[YOUR ASSIGNMENT]
Please print the entries below exactly, from the line with "Lemma theta_alpha_opp (n" through the line with "rewrite (IZR_div_mod n", including both of those lines and leaving out all others.

Collected data:
Lemma ex_Zseries_Im (f : Z -> C) : ex_CZseries_Cmod f -> ex_Zseries (fun m => Im (f m)).
Proof. apply ex_Zseries_le; intros; apply im_le_Cmod. Qed.

Lemma CZseries_succ (f : Z -> C) : ex_CZseries_Cmod f -> CZseries (fun m => f (m + 1)%Z) = CZseries f.
Proof.
  intros H; unfold CZseries; f_equal.
  - now apply (Zseries_succ (fun m => Re (f m))), ex_Zseries_Re.
  - now apply (Zseries_succ (fun m => Im (f m))), ex_Zseries_Im.
Qed.

Lemma CZseries_opp (f : Z -> C) : ex_CZseries_Cmod f -> CZseries (fun m => f (- m)%Z) = CZseries f.
Proof.
  intros H; unfold CZseries; f_equal.
  - now apply (Zseries_opp (fun m => Re (f m))), ex_Zseries_Re.
  - now apply (Zseries_opp (fun m => Im (f m))), ex_Zseries_Im.
Qed.

Lemma CZseries_scal (c : C) (f : Z -> C) : ex_CZseries_Cmod f ->
  CZseries (fun m => c * f m)%C = (c * CZseries f)%C.
Proof.
  intros H; pose proof (ex_Zseries_Re f H); pose proof (ex_Zseries_Im f H).
  unfold CZseries; C_parts.
  - rewrite (Zseries_ext _ (fun m => fst c * Re (f m) + - snd c * Im (f m)))
      by (intros; unfold Re, Im; ring).
    rewrite Zseries_lincomb by auto; unfold Re, Im; ring.
  - rewrite (Zseries_ext _ (fun m => fst c * Im (f m) + snd c * Re (f m)))
      by (intros; unfold Re, Im; ring).
    rewrite Zseries_lincomb by auto; unfold Re, Im; ring.
Qed.

(** * Functional equations of theta *)

Lemma theta_CZseries (eta z : C) : theta eta z = CZseries (theta_term eta z).
Proof. reflexivity. Qed.

Lemma sgnZ_succ (m : Z) : sgnZ (m + 1) = - sgnZ m.
Proof. unfold sgnZ; rewrite Z.even_add; now destruct (Z.even m); simpl; ring. Qed.

Lemma sgnZ_opp (m : Z) : sgnZ (- m) = sgnZ m.
Proof. unfold sgnZ; now rewrite Z.even_opp. Qed.

Lemma Rabs_sgnZ (m : Z) : Rabs (sgnZ m) = 1.
Proof. unfold sgnZ, Rabs; destruct (Z.even m), Rcase_abs; lra. Qed.

Lemma Cmod_theta_term (eta z : C) (m : Z) :
  Cmod (theta_term eta z m)
  = exp (-(2*PI*(IZR m * Im z + IZR m * (IZR m - 1) / 2 * Im eta))).
Proof.
  unfold theta_term; rewrite Cmod_mult, Cmod_R, Rabs_sgnZ, Rmult_1_l, Cmod_ee.
  do 3 f_equal; rewrite mult_IZR, minus_IZR; unfold Im; simpl; field.
Qed.

Lemma quadratic_lower_bound (x y s m : R) : 0 < y ->
  m * x + m * (m - 1) / 2 * y - s * m >= - ((x - y/2 - s)^2 / (2*y)).
Proof.
  intros Hy.
  assert (0 <= (y*m + (x - y/2 - s))^2 / (2*y)) by (apply Rle_mult_inv_pos; [apply pow2_ge_0 | lra]).
  assert (m * x + m * (m - 1) / 2 * y - s * m + (x - y/2 - s)^2 / (2*y)
          = (y*m + (x - y/2 - s))^2 / (2*y)) by (field; lra).
  lra.
Qed.

Lemma exp_pow_INR (a : R) (k : nat) : exp a ^ k = exp (INR k * a).
Proof.
  induction k as [|k IH]; [simpl; now rewrite Rmult_0_l, exp_0|].
  rewrite S_INR; cbn [pow]; rewrite IH, <- exp_plus; f_equal; ring.
Qed.

Lemma ex_series_exp_le (u : nat -> R) (B c : R) :
  0 < c -> (forall k, u k <= B - c * INR k) -> ex_series (fun k => exp (u k)).
Proof.
  intros Hc Hu.
  apply (ex_series_le (fun k => exp (u k)) (fun k => exp B * exp (- c) ^ k)).
  - intros k; change norm with Rabs; rewrite Rabs_pos_eq by apply Rlt_le, exp_pos.
    rewrite exp_pow_INR, <- exp_plus.
    destruct (Rle_lt_or_eq_dec _ _ (Hu k)) as [H|H]; [apply Rlt_le, exp_increasing|right; f_equal]; lra.
  - apply (@ex_series_scal_l R_AbsRing R_NormedModule), ex_series_geom.
    rewrite Rabs_pos_eq by apply Rlt_le, exp_pos.
    rewrite <- exp_0; apply exp_increasing; lra.
Qed.

Lemma ex_theta_term (eta z : C) : 0 < Im eta -> ex_CZseries_Cmod (theta_term eta z).
Proof.
  intros Hy; pose proof PI_RGT_0.
  set (x := Im z); set (y := Im eta).
  split; eapply ex_series_ext; try (intros k; symmetry; apply Cmod_theta_term).
  - apply (ex_series_exp_le _ (2 * PI * ((x - y/2 - 1)^2 / (2*y))) (2 * PI)); [lra|intros k].
    pose proof (quadratic_lower_bound x y 1 (INR k) Hy).
    rewrite <- INR_IZR_INZ; fold x y; nra.
  - apply (ex_series_exp_le _ (2 * PI * ((x - y/2 + 1)^2 / (2*y))) (2 * PI)); [lra|intros k].
    pose proof (quadratic_lower_bound x y (-1) (- INR k - 1) Hy).
    rewrite minus_IZR, opp_IZR, <- INR_IZR_INZ; fold x y.
    replace (x - y/2 - -1) with (x - y/2 + 1) in * by ring.
    pose proof (pos_INR k); nra.
Qed.

Lemma theta_term_plus_IZR (eta z : C) (t m : Z) :
  theta_term eta (z + IZR t)%C m = theta_term eta z m.
Proof.
  unfold theta_term; f_equal; symmetry; rewrite <- (ee_plus_IZR _ (m * t)).
  apply ee_ext; C_parts; push_IZR; ring.
Qed.

Lemma theta_plus_IZR (eta z : C) (t : Z) : theta eta (z + IZR t)%C = theta eta z.
Proof. rewrite !theta_CZseries; apply CZseries_ext; intros; apply theta_term_plus_IZR. Qed.

Lemma theta_term_plus_eta (eta z : C) (m : Z) :
  theta_term eta (z + eta)%C m = (- ee (- z) * theta_term eta z (m + 1))%C.
Proof.
  unfold theta_term; rewrite sgnZ_succ, RtoC_opp.
  rewrite (ee_ext (RtoC (IZR (m + 1)) * z + RtoC (IZR ((m + 1) * (m + 1 - 1)) / 2) * eta)%C
                  (z + (RtoC (IZR m) * (z + eta) + RtoC (IZR (m * (m - 1)) / 2) * eta))%C)
    by (C_parts; push_IZR; field).
  rewrite (ee_plus z); pose proof (ee_mult_opp z) as E.
  set (W := ee _); set (s := RtoC (sgnZ m)).
  transitivity (s * W * (ee z * ee (- z)))%C; [rewrite E|]; ring.
Qed.

Lemma theta_plus_eta (eta z : C) : 0 < Im eta ->
  theta eta (z + eta)%C = (- ee (- z) * theta eta z)%C.
Proof.
  intros Hy; pose proof (ex_theta_term eta z Hy) as Hsum.
  rewrite !theta_CZseries, (CZseries_ext _ _ (theta_term_plus_eta eta z)).
  rewrite CZseries_scal, (CZseries_succ (theta_term eta z)); [reflexivity | exact Hsum|].
  now apply (ex_Zseries_succ (fun m => Cmod (theta_term eta z m))).
Qed.

Lemma theta_term_opp (eta z : C) (m : Z) :
  theta_term eta (- z)%C m = (- ee (- z) * theta_term eta z (- m + 1))%C.
Proof.
  unfold theta_term; rewrite sgnZ_succ, sgnZ_opp, RtoC_opp.
  rewrite (ee_ext (RtoC (IZR (- m + 1)) * z + RtoC (IZR ((- m + 1) * (- m + 1 - 1)) / 2) * eta)%C
                  (z + (RtoC (IZR m) * (- z) + RtoC (IZR (m * (m - 1)) / 2) * eta))%C)
    by (C_parts; push_IZR; field).
  rewrite (ee_plus z); pose proof (ee_mult_opp z) as E.
  set (W := ee _); set (s := RtoC (sgnZ m)).
  transitivity (s * W * (ee z * ee (- z)))%C; [rewrite E|]; ring.
Qed.

Lemma theta_opp (eta z : C) : 0 < Im eta -> theta eta (- z)%C = (- ee (- z) * theta eta z)%C.
Proof.
  intros Hy; pose proof (ex_theta_term eta z Hy) as Hsum.
  assert (Hsucc : ex_CZseries_Cmod (fun m => theta_term eta z (m + 1)%Z))
    by now apply (ex_Zseries_succ (fun m => Cmod (theta_term eta z m))).
  rewrite !theta_CZseries, (CZseries_ext _ _ (theta_term_opp eta z)).
  rewrite CZseries_scal by now apply (ex_Zseries_opp (fun m => Cmod (theta_term eta z (m + 1)))).
  rewrite (CZseries_opp (fun m => theta_term eta z (m + 1))), CZseries_succ by auto.
  reflexivity.
Qed.

Lemma theta_opp_plus_eta (eta y : C) : 0 < Im eta -> theta eta (- y + eta)%C = theta eta y.
Proof.
  intros Hy; rewrite theta_plus_eta, theta_opp by auto.
  replace (- - y)%C with y by ring.
  pose proof (ee_mult_opp y) as E.
  transitivity ((ee y * ee (- y)) * theta eta y)%C; [ring | rewrite E; ring].
Qed.


(** * The functions theta_alpha *)

Definition theta_prefactor (n : nat) (eta : C) (a : Z) (z : C) : C :=
  ee (RtoC (IZR a) * z + RtoC (IZR a / (2 * INR n))
      + RtoC (IZR (a * (a - Z.of_nat n)) / (2 * INR n)) * eta)%C.

Definition theta_factors (n : nat) (eta : C) (a : Z) (z : C) : C :=
  cprod (idx n) (fun m => theta eta (z + RtoC (IZR m / INR n) + RtoC (IZR a / INR n) * eta)%C).

Lemma theta_alpha_split (n : nat) (eta : C) (al : Z) (z : C) :
  theta_alpha n eta al z
  = (theta_prefactor n eta (al mod Z.of_nat n) z * theta_factors n eta (al mod Z.of_nat n) z)%C.
Proof. reflexivity. Qed.

Lemma theta_alpha_mod (n : nat) (eta : C) (x y : Z) (w : C) :
  (x mod Z.of_nat n = y mod Z.of_nat n)%Z -> theta_alpha n eta x w = theta_alpha n eta y w.
Proof. intros H; now rewrite !theta_alpha_split, H. Qed.

Lemma theta_prefactor_0 (n : nat) (eta z : C) : theta_prefactor n eta 0 z = 1.
Proof.
  unfold theta_prefactor; rewrite (ee_ext _ (IZR 0)) by (C_parts; unfold Rdiv; ring).
  apply ee_IZR.
Qed.

Lemma theta_prefactor_opp (n : nat) (eta : C) (a : Z) (w : C) : (0 < n)%nat ->
  theta_prefactor n eta a (- w)%C
  = (- ee (- (RtoC (INR n) * w) + RtoC (IZR a / INR n))
     * theta_prefactor n eta (Z.of_nat n - a) w)%C.
Proof.
  intros Hn; assert (INR n <> 0) by (apply not_0_INR; lia).
  unfold theta_prefactor; rewrite Copp_ee, <- ee_plus, <- (ee_plus_IZR _ 1).
  apply ee_ext; push_IZR; rewrite <- INR_IZR_INZ; C_parts; field; auto.
Qed.

Lemma theta_factors_reflect (n : nat) (eta : C) (a : Z) (w : C) : (0 < n)%nat ->
  cprod (idx n) (fun m => theta eta (w - RtoC (IZR m / INR n) + RtoC (IZR a / INR n) * eta)%C)
  = theta_factors n eta a w.
Proof.
  intros Hn; assert (INR n <> 0) by (apply not_0_INR; lia).
  unfold theta_factors; rewrite <- (cprod_idx_reindex n _ _ (onto_idx_opp n)).
  apply cprod_ext_in; intros m _.
  rewrite <- (theta_plus_IZR eta _ (- ((- m) / Z.of_nat n))); f_equal.
  pose proof (IZR_div_mod n (- m) Hn) as E; rewrite opp_IZR in E.
  replace (IZR ((- m) mod Z.of_nat n)) with (- IZR m - INR n * IZR ((- m) / Z.of_nat n)) by lra.
  rewrite opp_IZR; C_parts; field; auto.
Qed.

Lemma theta_factors_opp (n : nat) (eta : C) (a : Z) (w : C) : (0 < n)%nat -> 0 < Im eta ->
  theta_factors n eta a (- w)%C = theta_factors n eta (Z.of_nat n - a) w.
Proof.
  intros Hn Hy; assert (INR n <> 0) by (apply not_0_INR; lia).
  rewrite <- (theta_factors_reflect n eta (Z.of_nat n - a) w Hn); unfold theta_factors.
  apply cprod_ext_in; intros m _; rewrite <- (theta_opp_plus_eta eta _ Hy); f_equal.
  rewrite minus_IZR, <- INR_IZR_INZ; C_parts; field; auto.
Qed.

Lemma theta_factors_opp_0 (n : nat) (eta w : C) : (0 < n)%nat -> 0 < Im eta ->
  theta_factors n eta 0 (- w)%C = (- ee (- (RtoC (INR n) * w)) * theta_factors n eta 0 w)%C.
Proof.
  intros Hn Hy; assert (INR n <> 0) by (apply not_0_INR; lia).
  rewrite (ee_ext _ (RtoC (INR n) * - w)) by (C_parts; ring).
  rewrite <- cprod_Copp_ee_roots, <- (theta_factors_reflect n eta 0 w), <- cprod_mult by auto.
  unfold theta_factors; apply cprod_ext_in; intros m _.
  rewrite (ee_ext _ (- (w - RtoC (IZR m / INR n) + RtoC (IZR 0 / INR n) * eta)))%C
    by (C_parts; field; auto).
  rewrite <- theta_opp by auto; f_equal; C_parts; field; auto.
Qed.

Lemma theta_alpha_opp (n : nat) (eta : C) (al : Z) (w : C) : (0 < n)%nat -> 0 < Im eta ->
  theta_alpha n eta al (- w)%C
  = (- ee (- (RtoC (INR n) * w) + RtoC (IZR al / INR n)) * theta_alpha n eta (- al) w)%C.
Proof.
  intros Hn Hy; assert (INR n <> 0) by (apply not_0_INR; lia).
  rewrite (IZR_div_mod n al), !theta_alpha_split by auto.
  set (q := (al / Z.of_nat n)%Z); set (a := (al mod Z.of_nat n)%Z).
  rewrite (ee_ext _ (- (RtoC (INR n) * w) + RtoC (IZR a / INR n) + RtoC (IZR q))%C), ee_plus_IZR
    by (C_parts; field; auto).
  destruct (Z.eq_dec a 0) as [Ha0|Ha0].
  - rewrite Z.mod_opp_l_z by (lia || exact Ha0); fold a; rewrite Ha0.
    rewrite !theta_prefactor_0, theta_factors_opp_0 by auto.
    rewrite (ee_ext (_ + RtoC (IZR 0 / INR n)) (- (RtoC (INR n) * w))) by (C_parts; field; auto).
    ring.
  - rewrite Z.mod_opp_l_nz by (lia || exact Ha0); fold a.
    rewrite theta_prefactor_opp, theta_factors_opp by auto; ring.
Qed.

Definition theta_prod_except (n : nat) (eta : C) (d : Z) (w : C) : C :=
  cprod (filter (fun b => negb (b =? d mod Z.of_nat n)%Z) (idx n))
    (fun b => theta_alpha n eta b w).

Lemma theta_prod_except_mod (n : nat) (eta : C) (d d' : Z) (w : C) :
  (d mod Z.of_nat n = d' mod Z.of_nat n)%Z ->
  theta_prod_except n eta d w = theta_prod_except n eta d' w.
Proof. intros H; unfold theta_prod_except; now rewrite H. Qed.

[EXPECTED ANSWER]
Lemma theta_alpha_opp (n : nat) (eta : C) (al : Z) (w : C) : (0 < n)%nat -> 0 < Im eta ->
  theta_alpha n eta al (- w)%C
  = (- ee (- (RtoC (INR n) * w) + RtoC (IZR al / INR n)) * theta_alpha n eta (- al) w)%C.
Proof.
  intros Hn Hy; assert (INR n <> 0) by (apply not_0_INR; lia).
  rewrite (IZR_div_mod n al), !theta_alpha_split by auto.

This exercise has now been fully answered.